Tracking C++ Code Smells: Database Approach

Static analysis is not only about directly finding bugs, but also about finding bug-prone situations that can decrease code understanding and maintainability. Static analysis can handle many other properties of the code:

  • Code metrics: for example, methods with too many loops, if, else, switch, case… end up being non-understandable, hence non-maintainable. Counting these through the code metric Cyclomatic Complexity is a great way to assess when a method becomes too complex.
  • Dependencies: if the classes of your program are entangled, effects of any changes in the code becomes unpredictable. Static analysis can help to assess when classes and components are entangled.
  • Immutability: types that are used concurrently by several threads should be immutable, else you’ll have to protect state read/write access with complex lock strategies that will end up being un-maintainable. Static analysis can make sure that some classes remain immutable.
  • Dead code: dead code is code that can be removed safely, because it is not invoked anymore at runtime. Not only can it be removed, but it must be removed, because this extra code add unnecessary complexity to the program. Static analysis can find most of dead code in your program (yet not all).
  • API breaking change: if you present an API to your client, it is very easy to remove a public member without noticing and thus, breaking your clients code. Static analysis can compare two states of a program and can warn about this pitfall.
  • API usage: some APIs are intended to be used carefully. For example, a class that hold disposable fields must be itself disposable in general, except when the disposable field lifetime is not aligned with the class instances lifetime, which then sounds like a design problem.

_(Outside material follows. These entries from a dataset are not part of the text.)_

(* For $M\in\frac12\mathbb{Z}_{>0}$ and $s\in\frac12\mathbb{Z}$, $$2\tilde\Psi^{[M;s]}(2\tau,z_1,z_2,t)=\tilde\Psi^{[2M;2s]}\Big(\tau,\frac{z_1}2,\frac{z_2}2,\frac t2\Big)+e^{-2\pi is}\,\tilde\Psi^{[2M;2s]}\Big(\tau,\frac{z_1+1}2,\frac{z_2-1}2,\frac t2\Big).$$
   Context: Let $\operatorname{Im}\tau>0$, $q=e^{2\pi i\tau}$. For $m\in\frac12\mathbb{Z}_{>0}$, $s,j\in\frac12\mathbb{Z}$ define $\Phi^{+[m;s]}(\tau,z_1,z_2)=\sum_{n\in\mathbb{Z}}\frac{e^{2\pi imn(z_1+z_2)+2\pi isz_1}q^{mn^2+sn}}{1-e^{2\pi iz_1}q^n}$, $\Theta^+_{j,m}(\tau,z)=\sum_{n\in\mathbb{Z}}e^{2\pi imz(n+\frac j{2m})}q^{m(n+\frac j{2m})^2}$, $R^+_{j,m}(\tau,z)=\sum_{n\in\frac12\mathbb{Z},\,n\equiv j\bmod 2m}\{\operatorname{sign}(n-\frac12-j+2m)-E(\psi_{m,n}(\tau,z))\}e^{-\frac{\pi in^2}{2m}\tau+2\pi inz}$, with $E(x)=2\int_0^xe^{-\pi u^2}du$, $\psi_{m,n}(\tau,z)=(n-2m\frac{\operatorname{Im}z}{\operatorname{Im}\tau})\sqrt{\frac{\operatorname{Im}\tau}m}$; $\tilde\Phi^{+[m;s]}=\Phi^{+[m;s]}-\frac12\sum_{j\in s+\mathbb{Z},\,s\le j<s+2m}R^+_{j,m}(\tau,\frac{z_1-z_2}2)\Theta^+_{j,m}(\tau,z_1+z_2)$. Finally $\tilde\Psi^{[M;s]}(\tau,z_1,z_2,t)=e^{-2\pi iMt}\big(\tilde\Phi^{+[M;s]}(\tau,z_1,z_2)-\tilde\Phi^{+[M;s]}(\tau,-z_2,-z_1)\big)$. *)

From Stdlib Require Import Reals ZArith.
From Coquelicot Require Import Coquelicot.
Open Scope R_scope.

Definition cexp (z : C) : C :=
  (exp (Re z) * cos (Im z), exp (Re z) * sin (Im z)).

(* e(x) := exp(2 pi i x); q^a = e(a tau) *)
Definition ee (x : C) : C := cexp (Cmult (RtoC (2 * PI)) (Cmult Ci x)).

Definition csum_nat (f : nat -> C) : C :=
  (Series (fun k => Re (f k)), Series (fun k => Im (f k))).

Definition csum_Z (f : Z -> C) : C :=
  Cplus (csum_nat (fun k => f (Z.of_nat k)))
        (csum_nat (fun k => f (- Z.of_nat k - 1)%Z)).

Fixpoint csum_fin (N : nat) (f : nat -> C) : C :=
  match N with
  | O => RtoC 0
  | S N' => Cplus (csum_fin N' f) (f N')
  end.

Definition sgn (x : R) : R :=
  if Rlt_dec 0 x then 1 else if Rlt_dec x 0 then -1 else 0.

Definition Eerf (x : R) : R := 2 * RInt (fun u => exp (- PI * u ^ 2)) 0 x.

Definition psi (m n : R) (tau z : C) : R :=
  (n - 2 * m * Im z / Im tau) * sqrt (Im tau / m).

Definition Phi_plus (m s : R) (tau z1 z2 : C) : C :=
  csum_Z (fun n =>
    let nr := RtoC (IZR n) in
    Cdiv (ee (Cplus (Cplus (Cmult (Cmult (RtoC m) nr) (Cplus z1 z2))
                           (Cmult (RtoC s) z1))
                    (Cmult (RtoC (m * IZR n ^ 2 + s * IZR n)) tau)))
         (Cminus (RtoC 1) (ee (Cplus z1 (Cmult nr tau))))).

Definition Theta_plus (j m : R) (tau z : C) : C :=
  csum_Z (fun n =>
    let a := IZR n + j / (2 * m) in
    ee (Cplus (Cmult (RtoC (m * a)) z) (Cmult (RtoC (m * a ^ 2)) tau))).

(* R^+_{j,m}(tau,z): n ranges over n in (1/2)Z with n = j mod 2m,
   i.e. n = j + 2 m k, k in Z *)
Definition R_plus (j m : R) (tau z : C) : C :=
  csum_Z (fun k =>
    let n := j + 2 * m * IZR k in
    Cmult (RtoC (sgn (n - 1/2 - j + 2 * m) - Eerf (psi m n tau z)))
          (ee (Cplus (Cmult (RtoC (- n ^ 2 / (4 * m))) tau)
                     (Cmult (RtoC n) z)))).

(* half-integers are encoded by their doubles: m = m2/2 (m2 > 0), s = s2/2 *)
Definition half_nat (m2 : nat) : R := INR m2 / 2.
Definition half_Z (s2 : Z) : R := IZR s2 / 2.

(* tilde Phi^{+[m;s]}: the j-sum runs over j = s + i, i = 0, ..., 2m-1 *)
Definition Phi_tilde (m2 : nat) (s2 : Z) (tau z1 z2 : C) : C :=
  let m := half_nat m2 in
  let s := half_Z s2 in
  Cminus (Phi_plus m s tau z1 z2)
    (Cmult (RtoC (1/2))
       (csum_fin m2 (fun i =>
          let j := s + INR i in
          Cmult (R_plus j m tau (Cdiv (Cminus z1 z2) (RtoC 2)))
                (Theta_plus j m tau (Cplus z1 z2))))).

Definition Psi_tilde (M2 : nat) (s2 : Z) (tau z1 z2 t : C) : C :=
  Cmult (ee (Copp (Cmult (RtoC (half_nat M2)) t)))
    (Cminus (Phi_tilde M2 s2 tau z1 z2)
            (Phi_tilde M2 s2 tau (Copp z2) (Copp z1))).

(* With x = e(z1/2) q^n, the pole factor 1 - e(z1) q^(2n) of Phi^{+[M;s]} at 2 tau is 1 - x^2,
   and 2/(1 - x^2) = 1/(1 - x) + 1/(1 + x).  These are the n-th terms of Phi^{+[2M;2s]} at tau
   evaluated at (z1/2, z2/2) and, since z1 -> z1 + 1 turns x into -x, at ((z1+1)/2, (z2-1)/2)
   up to the factor e(s).  In the correction term, moving (z1 - z2)/2 by 1/2 multiplies
   R^+_{j,2M} by e(j/2), and e(-s) e(j/2) = (-1)^(j-2s); so the two level-2M corrections add up
   to twice their terms with j - 2s even, which are the level-M terms at 2 tau because R^+ and
   Theta^+ only rescale.  Psi is the antisymmetrisation of Phi under (z1, z2) -> (-z2, -z1), so
   the identity for the Phi's at both points gives the theorem. *)

From Stdlib Require Import Reals ZArith Lra Lia FunctionalExtensionality.
From Coquelicot Require Import Coquelicot.
Open Scope R_scope.

Ltac C_ext :=
  apply injective_projections;
  unfold Cdiv, Cminus, Cinv, Cplus, Cmult, Copp, RtoC, Ci, Re, Im; simpl; try field.

Lemma ee_rect (x : C) :
  ee x = (exp (- (2 * PI * Im x)) * cos (2 * PI * Re x),
          exp (- (2 * PI * Im x)) * sin (2 * PI * Re x)).
Proof.
  destruct x as [a b]; unfold ee, cexp, Re, Im; simpl.
  replace (2 * PI * (0 * a - 1 * b) - 0 * (0 * b + 1 * a)) with (- (2 * PI * b)) by ring.
  replace (2 * PI * (0 * b + 1 * a) + 0 * (0 * a - 1 * b)) with (2 * PI * a) by ring.
  reflexivity.
Qed.

Lemma ee_real (a : R) : ee (RtoC a) = (cos (2 * PI * a), sin (2 * PI * a)).
Proof.
  rewrite ee_rect; unfold RtoC; simpl.
  rewrite Rmult_0_r, Ropp_0, exp_0, !Rmult_1_l; reflexivity.
Qed.

Lemma ee_add (x y : C) : ee (Cplus x y) = Cmult (ee x) (ee y).
Proof.
  rewrite !ee_rect; destruct x as [a b], y as [c d]; simpl.
  replace (- (2 * PI * (b + d))) with (- (2 * PI * b) + - (2 * PI * d)) by ring.
  replace (2 * PI * (a + c)) with (2 * PI * a + 2 * PI * c) by ring.
  rewrite exp_plus, cos_plus, sin_plus.
  apply injective_projections; unfold Cmult; simpl; ring.
Qed.

Lemma ee_IZR (k : Z) : ee (RtoC (IZR k)) = RtoC 1.
Proof.
  rewrite ee_real.
  replace (2 * PI * IZR k) with (2 * (IZR k * PI)) by ring.
  rewrite cos_2a_sin, sin_2a, sin_eq_0_1 by eauto.
  apply injective_projections; simpl; ring.
Qed.

Lemma ee_0 : ee (RtoC 0) = RtoC 1.
Proof. exact (ee_IZR 0). Qed.

Lemma Im_ee_half_IZR (k : Z) : Im (ee (RtoC (IZR k / 2))) = 0.
Proof.
  rewrite ee_real; simpl.
  replace (2 * PI * (IZR k / 2)) with (IZR k * PI) by field.
  apply sin_eq_0_1; eauto.
Qed.

Lemma ee_half : ee (RtoC (1 / 2)) = RtoC (-1).
Proof.
  rewrite ee_real.
  replace (2 * PI * (1 / 2)) with PI by field.
  rewrite cos_PI, sin_PI; reflexivity.
Qed.

Lemma Cmod_ee (x : C) : Cmod (ee x) = exp (- (2 * PI * Im x)).
Proof.
  rewrite ee_rect; unfold Cmod; simpl.
  pose proof (sin2_cos2 (2 * PI * Re x)) as Hsc; unfold Rsqr in Hsc.
  set (r := exp _) in *; set (c := cos _) in *; set (s := sin _) in *.
  match goal with |- sqrt ?a = _ => replace a with (r ^ 2) end.
  - apply sqrt_pow2, Rlt_le, exp_pos.
  - transitivity (r * r * (s * s + c * c)); [rewrite Hsc|]; ring.
Qed.

Lemma exp_le (x y : R) : x <= y -> exp x <= exp y.
Proof. intros [H | ->]; [left; apply exp_increasing|right]; auto. Qed.

Lemma quadratic_eventually_ge_abs (A B C0 : R) : 0 < A ->
  exists N, forall n, N <= Rabs n -> Rabs n <= A * n ^ 2 + B * n + C0.
Proof.
  intro HA; exists (Rmax 1 ((Rabs B + Rabs C0 + 1) / A)); intros n Hn.
  pose proof (Rmax_l 1 ((Rabs B + Rabs C0 + 1) / A)).
  pose proof (Rmax_r 1 ((Rabs B + Rabs C0 + 1) / A)).
  assert (Hlin : Rabs B + Rabs C0 + 1 <= A * Rabs n).
  { replace (Rabs B + Rabs C0 + 1) with (A * ((Rabs B + Rabs C0 + 1) / A)) by (field; lra).
    apply Rmult_le_compat_l; lra. }
  assert (Hsq : n ^ 2 = Rabs n * Rabs n) by (rewrite <- pow2_abs; ring).
  assert (HBn : - (Rabs B * Rabs n) <= B * n).
  { rewrite <- Rabs_mult; pose proof (Rabs_maj2 (B * n)); lra. }
  pose proof (Rabs_maj2 C0); pose proof (Rabs_pos B); pose proof (Rabs_pos C0).
  rewrite Hsq; nra.
Qed.
Lemma dcol_dhat n (D : diagram n) (k l j : 'I_n) : j != l ->
  dcol D j =
  if (k, j) \in D then k |: dcol (dhat k l D) j else dcol (dhat k l D) j.
Proof.
move=> jl; apply/setP => x; case: ifP => kjD; rewrite !inE /= jl andbT;
  by case: (eqVneq x k) => [->|]; rewrite ?kjD ?andbT ?andbF.
Qed.

Section Augmentation.
Variables (R : realType) (n : nat) (D Ch : diagram n) (k l : 'I_n).
Hypothesis Ch_avoid : forall p, p \in Ch -> (p.1 != k) && (p.2 != l).

Lemma row_notin_dcol j : k \notin dcol Ch j.
Proof. by rewrite inE; apply/negP => /Ch_avoid; rewrite eqxx. Qed.

Lemma dcol_daug_l : dcol (daug k l D Ch) l = dcol D l.
Proof.
apply/setP => x; rewrite !inE /= eqxx andbT.
case xlCh: ((x, l) \in Ch); first by have := Ch_avoid xlCh; rewrite eqxx andbF.
by case: ((x, l) \in D); rewrite ?orbT ?andbF.
Qed.

Lemma dcol_daug j : j != l ->
  dcol (daug k l D Ch) j = if (k, j) \in D then k |: dcol Ch j else dcol Ch j.
Proof.
move=> jl; apply/setP => x; rewrite !inE /= (negPf jl) andbF orbF.
case: ifP => kjD; rewrite !inE;
  by case: (eqVneq x k) => [->|]; rewrite ?kjD ?andbF ?orbF ?orbT.
Qed.

Definition daug_common_factor : ypoly R n :=
  (yminor R (dcol D l) (dcol D l) \mPo kill_row R k) *
  \prod_(j < n | j != l) (if (k, j) \in D then 'X_(mxvec_index k k) else 1).

Lemma daug_common_factor_neq0 : daug_common_factor != 0.
Proof.
rewrite mulf_neq0 ?yminor_kill_row_diag_neq0 //; apply/prodf_neq0 => j _.
by case: ifP => _; rewrite ?mpolyXU_neq0 ?oner_neq0.
Qed.

Lemma yminor_daug_kill_row j : j != l ->
  nz_multiple (yminor R (dcol (daug k l D Ch) j) (dcol D j) \mPo kill_row R k)
    ((if (k, j) \in D then 'X_(mxvec_index k k) else 1) *
     yminor R (dcol Ch j) (dcol (dhat k l D) j)).
Proof.
move=> jl; have kCh := row_notin_dcol j.
have kDhat : k \notin dcol (dhat k l D) j by rewrite !inE eqxx andbF.
rewrite (dcol_daug jl) (dcol_dhat D k jl); case: ifP => _.
  exact: yminor_kill_row_setU1.
by exists 1; rewrite ?oner_neq0 // mul1r scale1r yminor_kill_row_notin.
Qed.

Lemma prod_yminor_daug_kill_row :
  nz_multiple
    ((\prod_(j < n) yminor R (dcol (daug k l D Ch) j) (dcol D j)) \mPo kill_row R k)
    (daug_common_factor *
     \prod_(j < n | j != l) yminor R (dcol Ch j) (dcol (dhat k l D) j)).
Proof.
rewrite rmorph_prod (bigD1 l) //= dcol_daug_l.
have [e e_nz ->] := nz_multiple_prod yminor_daug_kill_row.
by exists e; rewrite // -scalerAr big_split /= mulrA.
Qed.

End Augmentation.

Theorem lemma5p7 (R : realType) (n : nat) (D : diagram n) (k l : 'I_n)
    (m : nat) (Chat : 'I_m -> diagram n) :
  (forall i, diag_le (Chat i) (dhat k l D)) ->
  (forall i p, p \in Chat i -> (p.1 != k) && (p.2 != l)) ->
  lin_dependent (fun i : 'I_m =>
    \prod_(j < n) yminor R (dcol (daug k l D (Chat i)) j) (dcol D j)) ->
  lin_dependent (fun i : 'I_m =>
    \prod_(j < n | j != l)
       yminor R (dcol (Chat i) j) (dcol (dhat k l D) j)).
Proof.
move=> _ Chat_avoid dep.
apply: (@lin_dependent_lreg _ _ _ (daug_common_factor R D k l)).
  exact/mulfI/daug_common_factor_neq0.
apply: lin_dependent_linear dep => i.
exact: prod_yminor_daug_kill_row (Chat_avoid i).
Qed.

Code smell can be also considered as a bug-prone situation, here’s it’s definition from wikipedia:

In computer programming, code smell, (or bad smell) is any symptom in the source code of a program that possibly indicates a deeper problem. According to Martin Fowler, "a code smell is a surface indication that usually corresponds to a deeper problem in the system". Another way to look at smells is with respect to principles and quality: "smells are certain structures in the code that indicate violation of fundamental design principles and negatively impact design quality". Code smells are usually not bugs—they are not technically incorrect and do not currently prevent the program from functioning. Instead, they indicate weaknesses in design that may be slowing down development or increasing the risk of bugs or failures in the future. Bad code smells can be an indicator of factors that contribute to technical debt. Robert C. Martin calls a list of code smells a "value system" for software craftsmanship.

Many interesting tools exist to detect bugs in your C++ code base  like cppcheck, clang-tidy and visual studio analyzer. But what about the detection of the bug-prone situations?

If the static analysis tools creators could decide which situations are considered as bugs, it’s not the case of the code smells cases which depends on the development team choices. For example a team could consider that a method with more than  20 lines is complex, another team could define the max to 30. If a tool provides the detection of the code smells , it must provides also the possibility to customize it.

Code as Data is the better way to detect the code smells

Static analysis is the idea of analyzing source code  for various properties and reporting on those properties, but it’s also, philosophically, the idea of treating code as data.  This is deeply weird to us as application developers, since we’re very much used to thinking of source code as instructions, procedures, and algorithms.  But it’s also deeply powerful.

After the source code analysis of a source file, we can extract its AST and generate a model containing  many interesting data  about the code. This way we can query it using a code query language similar to SQL.

CppDepend provides a code query language named CQLinq to query the code base like a database. Developers, designers and architects could define their custom queries to find easily the bug-prone situations.

With CQlinq we can  combine the data from the code metrics, dependencies, API usage and other model data to  define very advanced queries that match some bug-prone situations.

Here’s an example  of a CQLinq query that matches the most complex methods:




It’s better to combine many C++ tools to detect some problems in your C++ code base, some tools detect bugs, some others detect also the bug-prone situations .With CppDepend we try to combine between many tools, indeed we provides an easy way to define your queries, but also we can import  the result from other static analysis tools to query them with CQLinq.